No caso de Luana, por exemplo, existia um histórico de violência. Ela chegou a registrar um boletim de ocorrência em 2023 e solicitou medida protetiva contra o agressor, que estava em vigor até hoje. “Ela buscou ajuda, fez o que estava ao alcance dela, mas infelizmente, mesmo com a medida em vigor, a tragédia aconteceu”, lamenta a procuradora.

Silêncio que mata
Uma das maiores dificuldades no combate ao feminicídio é justamente o silêncio que cerca as vítimas. De acordo com dados do Ministério Público do Acre, cerca de 80% das mulheres assassinadas por companheiros ou ex-companheiros no estado não tinham qualquer medida protetiva em vigor ou sequer haviam feito denúncia formal antes do crime.

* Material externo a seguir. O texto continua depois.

Fixpoint mapp R T (f : T -> prog Q A R) (s : seq T) : prog Q A (seq R) :=
  if s is t :: s' then
    bindp (f t) (fun r => bindp (mapp f s') (fun rs => Ret (r :: rs)))
  else Ret [::].

Fixpoint foldp S T (f : S -> T -> prog Q A S) (s0 : S) (s : seq T) : prog Q A S :=
  if s is t :: s' then bindp (f s0 t) (fun s1 => foldp f s1 s') else Ret s0.

Variable x : Q -> A.

Lemma runp_bind R S (p : prog Q A R) (f : R -> prog Q A S) :
  runp (bindp p f) x = runp (f (runp p x)) x.
Proof. by elim: p => //= q k IH; rewrite IH. Qed.

Lemma costp_bind R S (p : prog Q A R) (f : R -> prog Q A S) :
  costp (bindp p f) x = costp p x + costp (f (runp p x)) x.
Proof. by elim: p => //= q k IH; rewrite IH. Qed.

Lemma qrun_qtree_of_prog p : qrun (qtree_of_prog p) x = runp p x.
Proof. by elim: p => //= q k IH. Qed.

Lemma qcost_qtree_of_prog p : qcost (qtree_of_prog p) x = costp p x.
Proof. by elim: p => //= q k ->. Qed.

Lemma runp_map R T (f : T -> prog Q A R) (g : T -> R) s :
  (forall t, runp (f t) x = g t) -> runp (mapp f s) x = map g s.
Proof. by move=> fg; elim: s => //= t s IH; rewrite !runp_bind /= IH fg. Qed.

Lemma costp_map R T (f : T -> prog Q A R) s K :
  (forall t, costp (f t) x <= K) -> costp (mapp f s) x <= K * size s.
Proof.
move=> fK; elim: s => //= t s IH.
by rewrite !costp_bind /= addn0 mulnS leq_add.
Qed.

“A maioria dessas mulheres morre sem nunca ter ado pelo sistema de segurança ou justiça. E isso não é culpa delas. Muitas vezes falta apoio da família, dos vizinhos, dos amigos. As pessoas sabem o que está acontecendo, mas preferem não se envolver”, alerta Patrícia Rêgo.
No caso de Capixaba, vizinhos relataram que já haviam presenciado diversas agressões sofridas por Auriscléia, mas que nunca denunciaram. “É fundamental que a sociedade entenda que a violência contra a mulher não é problema só dela. Quem se cala diante da violência é cúmplice”, reforçou a procuradora.
Feminicídio é crime evitável
Patrícia Rêgo foi enfática: “Todo feminicídio é evitável. Esses crimes não acontecem do nada. Eles seguem uma escalada de violência que dá sinais claros: ameaça, perseguição, controle, agressão. O feminicídio é o último estágio da violência doméstica”.
Além disso, o Acre conta com a atuação da Patrulha Maria da Penha, que acompanha mulheres com medidas protetivas, e com a rede de apoio formada pelo Ministério Público, Defensoria Pública, Polícia Civil e o Judiciário.
Dois crimes, uma mesma raiz
A dor das famílias de Luana e Auriscléia é a mesma. Dois nomes que agora engrossam uma lista que deveria estar vazia. Casos que escancaram uma realidade dura: o feminicídio continua fazendo vítimas no Acre, e a única forma de impedir que mais mulheres morram é quebrar o ciclo da violência. “Nós não podemos mais tolerar esse tipo de violência” concluiu a procuradora.
Canais de Ajuda
A denúncia e o rompimento do ciclo de violência são os desafiadores, mas necessários, que demandam e de familiares, amigos e instituições especializadas. O acolhimento da vítima é essencial para romper o ciclo de violência e desvincular-se do agressor.
As vítimas podem procurar a Delegacia Especializada de Atendimento à Mulher (Deam) pelo telefone (68) 3221-4799 ou a delegacia mais próxima.
Também podem entrar em contato com a Central de Atendimento à Mulher, pelo Disque 180, ou com a Polícia Militar do Acre (PM-AC), pelo 190.
Outras opções incluem o Centro de Atendimento à Vítima (CAV), no telefone (68) 99993-4701, a Secretaria de Estado da Mulher (Semulher), pelo número (68) 99605-0657, e a Casa Rosa Mulher, no (68) 3221-0826.